-------- DATASET EXCERPTS --------

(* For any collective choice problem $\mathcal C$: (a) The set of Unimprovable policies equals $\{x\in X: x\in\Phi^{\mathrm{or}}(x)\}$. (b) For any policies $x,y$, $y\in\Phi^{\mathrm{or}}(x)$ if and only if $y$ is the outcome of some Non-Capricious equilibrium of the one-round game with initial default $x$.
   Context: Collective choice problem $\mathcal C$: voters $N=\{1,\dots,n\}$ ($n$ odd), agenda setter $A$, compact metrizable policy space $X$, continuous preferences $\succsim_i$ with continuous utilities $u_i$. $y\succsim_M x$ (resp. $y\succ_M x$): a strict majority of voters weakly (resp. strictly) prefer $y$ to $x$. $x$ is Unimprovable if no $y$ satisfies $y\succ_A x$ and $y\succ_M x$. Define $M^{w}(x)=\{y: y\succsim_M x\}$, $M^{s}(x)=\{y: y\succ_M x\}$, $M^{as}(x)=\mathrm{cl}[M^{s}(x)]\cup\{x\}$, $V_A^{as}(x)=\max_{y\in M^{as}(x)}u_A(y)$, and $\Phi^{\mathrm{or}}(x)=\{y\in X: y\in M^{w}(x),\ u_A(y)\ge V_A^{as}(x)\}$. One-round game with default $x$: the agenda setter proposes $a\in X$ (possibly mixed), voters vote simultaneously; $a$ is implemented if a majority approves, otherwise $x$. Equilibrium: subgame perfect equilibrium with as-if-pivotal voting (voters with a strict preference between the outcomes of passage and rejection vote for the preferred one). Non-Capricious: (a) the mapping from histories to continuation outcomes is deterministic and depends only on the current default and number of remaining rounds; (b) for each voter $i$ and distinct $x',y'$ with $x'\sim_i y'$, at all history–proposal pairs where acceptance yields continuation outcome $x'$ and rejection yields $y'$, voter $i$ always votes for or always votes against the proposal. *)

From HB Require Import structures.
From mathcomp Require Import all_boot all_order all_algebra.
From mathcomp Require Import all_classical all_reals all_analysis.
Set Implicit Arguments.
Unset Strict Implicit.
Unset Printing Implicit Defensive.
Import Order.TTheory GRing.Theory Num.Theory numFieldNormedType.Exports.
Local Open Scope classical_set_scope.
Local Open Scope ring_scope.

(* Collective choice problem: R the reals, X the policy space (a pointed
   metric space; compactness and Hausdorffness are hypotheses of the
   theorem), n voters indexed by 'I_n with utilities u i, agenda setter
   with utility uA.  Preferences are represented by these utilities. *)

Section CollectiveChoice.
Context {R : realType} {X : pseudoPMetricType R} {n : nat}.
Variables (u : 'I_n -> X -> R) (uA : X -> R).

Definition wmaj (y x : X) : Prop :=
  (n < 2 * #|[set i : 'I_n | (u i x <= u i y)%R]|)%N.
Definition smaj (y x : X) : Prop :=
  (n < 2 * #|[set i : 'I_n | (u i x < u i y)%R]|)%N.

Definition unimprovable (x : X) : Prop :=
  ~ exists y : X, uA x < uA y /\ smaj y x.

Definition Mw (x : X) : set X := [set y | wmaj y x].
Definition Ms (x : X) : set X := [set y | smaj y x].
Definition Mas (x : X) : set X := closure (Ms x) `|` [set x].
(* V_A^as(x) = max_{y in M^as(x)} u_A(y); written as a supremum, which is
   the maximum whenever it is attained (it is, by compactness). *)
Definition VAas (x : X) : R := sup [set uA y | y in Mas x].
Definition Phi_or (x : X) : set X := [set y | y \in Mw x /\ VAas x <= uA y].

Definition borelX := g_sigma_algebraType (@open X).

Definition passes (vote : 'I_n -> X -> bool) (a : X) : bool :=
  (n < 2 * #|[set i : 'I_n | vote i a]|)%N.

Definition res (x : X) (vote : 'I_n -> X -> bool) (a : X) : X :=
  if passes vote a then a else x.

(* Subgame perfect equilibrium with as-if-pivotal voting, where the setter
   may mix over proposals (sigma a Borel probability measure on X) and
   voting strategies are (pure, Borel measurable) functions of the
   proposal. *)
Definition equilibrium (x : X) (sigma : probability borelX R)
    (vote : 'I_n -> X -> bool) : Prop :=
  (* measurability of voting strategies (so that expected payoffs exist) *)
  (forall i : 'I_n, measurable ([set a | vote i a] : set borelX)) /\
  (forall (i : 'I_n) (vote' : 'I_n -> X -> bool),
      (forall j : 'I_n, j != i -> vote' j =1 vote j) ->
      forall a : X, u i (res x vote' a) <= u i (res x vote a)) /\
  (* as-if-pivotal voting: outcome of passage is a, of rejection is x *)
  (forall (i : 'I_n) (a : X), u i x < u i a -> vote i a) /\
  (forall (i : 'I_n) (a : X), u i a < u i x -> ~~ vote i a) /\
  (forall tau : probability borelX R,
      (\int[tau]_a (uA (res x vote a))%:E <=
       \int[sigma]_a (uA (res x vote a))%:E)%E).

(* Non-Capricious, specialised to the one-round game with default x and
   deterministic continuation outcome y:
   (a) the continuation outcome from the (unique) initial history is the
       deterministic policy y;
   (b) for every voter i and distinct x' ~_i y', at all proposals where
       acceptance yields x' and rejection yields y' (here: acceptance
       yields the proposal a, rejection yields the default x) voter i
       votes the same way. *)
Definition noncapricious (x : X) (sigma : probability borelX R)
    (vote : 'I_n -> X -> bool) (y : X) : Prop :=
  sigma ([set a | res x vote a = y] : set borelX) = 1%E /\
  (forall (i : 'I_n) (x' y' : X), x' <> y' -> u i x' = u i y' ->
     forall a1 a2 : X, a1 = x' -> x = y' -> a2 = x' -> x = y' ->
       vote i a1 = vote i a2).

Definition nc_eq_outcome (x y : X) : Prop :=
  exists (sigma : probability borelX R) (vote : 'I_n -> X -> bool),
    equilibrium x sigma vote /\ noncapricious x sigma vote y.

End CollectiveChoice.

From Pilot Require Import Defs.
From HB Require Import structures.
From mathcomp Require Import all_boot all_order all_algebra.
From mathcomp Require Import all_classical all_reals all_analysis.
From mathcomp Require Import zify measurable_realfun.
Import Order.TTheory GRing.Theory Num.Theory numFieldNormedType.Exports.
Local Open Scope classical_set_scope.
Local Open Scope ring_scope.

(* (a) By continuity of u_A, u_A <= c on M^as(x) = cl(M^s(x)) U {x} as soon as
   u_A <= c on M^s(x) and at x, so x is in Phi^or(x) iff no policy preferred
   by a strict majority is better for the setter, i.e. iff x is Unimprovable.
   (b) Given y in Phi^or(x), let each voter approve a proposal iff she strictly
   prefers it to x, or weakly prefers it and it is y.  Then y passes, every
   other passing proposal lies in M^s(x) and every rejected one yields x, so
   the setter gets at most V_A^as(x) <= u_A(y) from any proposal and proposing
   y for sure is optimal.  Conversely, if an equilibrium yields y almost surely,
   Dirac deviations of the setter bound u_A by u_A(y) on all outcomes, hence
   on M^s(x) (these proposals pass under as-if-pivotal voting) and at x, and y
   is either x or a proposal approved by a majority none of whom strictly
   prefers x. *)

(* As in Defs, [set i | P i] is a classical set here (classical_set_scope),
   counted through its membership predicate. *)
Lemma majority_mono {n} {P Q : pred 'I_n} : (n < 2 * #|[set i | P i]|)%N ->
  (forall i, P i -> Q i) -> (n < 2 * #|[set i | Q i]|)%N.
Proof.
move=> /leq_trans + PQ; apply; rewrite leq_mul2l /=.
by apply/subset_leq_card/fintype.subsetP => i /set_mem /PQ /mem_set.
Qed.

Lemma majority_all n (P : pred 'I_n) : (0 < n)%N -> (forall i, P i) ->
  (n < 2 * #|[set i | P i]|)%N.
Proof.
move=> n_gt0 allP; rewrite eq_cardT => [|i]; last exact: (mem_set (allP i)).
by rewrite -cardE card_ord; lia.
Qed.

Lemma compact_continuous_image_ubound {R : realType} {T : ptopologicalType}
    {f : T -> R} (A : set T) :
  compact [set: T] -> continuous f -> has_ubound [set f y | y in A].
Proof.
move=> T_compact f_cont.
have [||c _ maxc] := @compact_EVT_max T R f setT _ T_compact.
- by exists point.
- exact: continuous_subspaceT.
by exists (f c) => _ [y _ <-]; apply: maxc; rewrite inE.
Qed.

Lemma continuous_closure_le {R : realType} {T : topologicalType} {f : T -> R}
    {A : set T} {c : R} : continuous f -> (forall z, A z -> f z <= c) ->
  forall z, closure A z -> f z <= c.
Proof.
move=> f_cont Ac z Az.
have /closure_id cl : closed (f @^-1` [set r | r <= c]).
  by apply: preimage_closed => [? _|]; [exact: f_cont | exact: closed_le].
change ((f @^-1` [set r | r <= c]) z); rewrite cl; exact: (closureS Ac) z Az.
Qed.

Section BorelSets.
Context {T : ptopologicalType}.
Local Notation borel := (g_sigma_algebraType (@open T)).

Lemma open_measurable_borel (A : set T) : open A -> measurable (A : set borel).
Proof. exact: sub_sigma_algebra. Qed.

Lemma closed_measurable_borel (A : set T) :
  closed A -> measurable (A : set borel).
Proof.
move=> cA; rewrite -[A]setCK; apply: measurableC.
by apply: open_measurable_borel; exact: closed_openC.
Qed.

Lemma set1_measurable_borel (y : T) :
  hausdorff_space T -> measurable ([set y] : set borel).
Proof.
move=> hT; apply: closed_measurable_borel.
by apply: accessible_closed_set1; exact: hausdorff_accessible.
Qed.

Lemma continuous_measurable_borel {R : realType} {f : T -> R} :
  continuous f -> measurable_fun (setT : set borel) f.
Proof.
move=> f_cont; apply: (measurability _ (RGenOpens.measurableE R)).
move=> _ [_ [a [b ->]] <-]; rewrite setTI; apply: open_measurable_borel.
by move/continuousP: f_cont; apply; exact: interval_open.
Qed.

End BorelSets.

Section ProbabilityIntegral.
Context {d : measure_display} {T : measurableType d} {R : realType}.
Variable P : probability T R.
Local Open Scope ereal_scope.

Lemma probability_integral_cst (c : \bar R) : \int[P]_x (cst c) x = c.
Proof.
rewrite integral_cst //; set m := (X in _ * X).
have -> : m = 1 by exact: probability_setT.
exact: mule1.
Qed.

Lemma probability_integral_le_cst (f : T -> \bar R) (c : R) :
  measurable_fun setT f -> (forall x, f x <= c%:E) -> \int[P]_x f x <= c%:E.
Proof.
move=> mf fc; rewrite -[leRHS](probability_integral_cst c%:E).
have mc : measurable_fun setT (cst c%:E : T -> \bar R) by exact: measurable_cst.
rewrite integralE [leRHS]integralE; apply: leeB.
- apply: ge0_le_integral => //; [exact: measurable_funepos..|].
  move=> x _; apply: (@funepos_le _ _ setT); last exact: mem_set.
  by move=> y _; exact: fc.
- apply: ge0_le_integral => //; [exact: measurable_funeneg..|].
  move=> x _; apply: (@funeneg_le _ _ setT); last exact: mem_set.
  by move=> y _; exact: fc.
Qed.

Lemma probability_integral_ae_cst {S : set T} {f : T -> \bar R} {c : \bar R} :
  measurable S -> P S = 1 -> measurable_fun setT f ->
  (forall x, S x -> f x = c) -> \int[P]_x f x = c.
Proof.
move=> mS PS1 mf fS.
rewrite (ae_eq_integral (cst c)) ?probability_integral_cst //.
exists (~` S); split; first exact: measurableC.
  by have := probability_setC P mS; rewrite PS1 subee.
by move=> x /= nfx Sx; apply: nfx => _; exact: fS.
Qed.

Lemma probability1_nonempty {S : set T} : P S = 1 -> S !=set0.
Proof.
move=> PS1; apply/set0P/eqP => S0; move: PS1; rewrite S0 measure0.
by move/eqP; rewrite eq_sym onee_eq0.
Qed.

--------

- ABOUT THIS EXERCISE -
The answer should be a single number: how many lines in the entries contain "proposals".

- WRITTEN REPLY -
3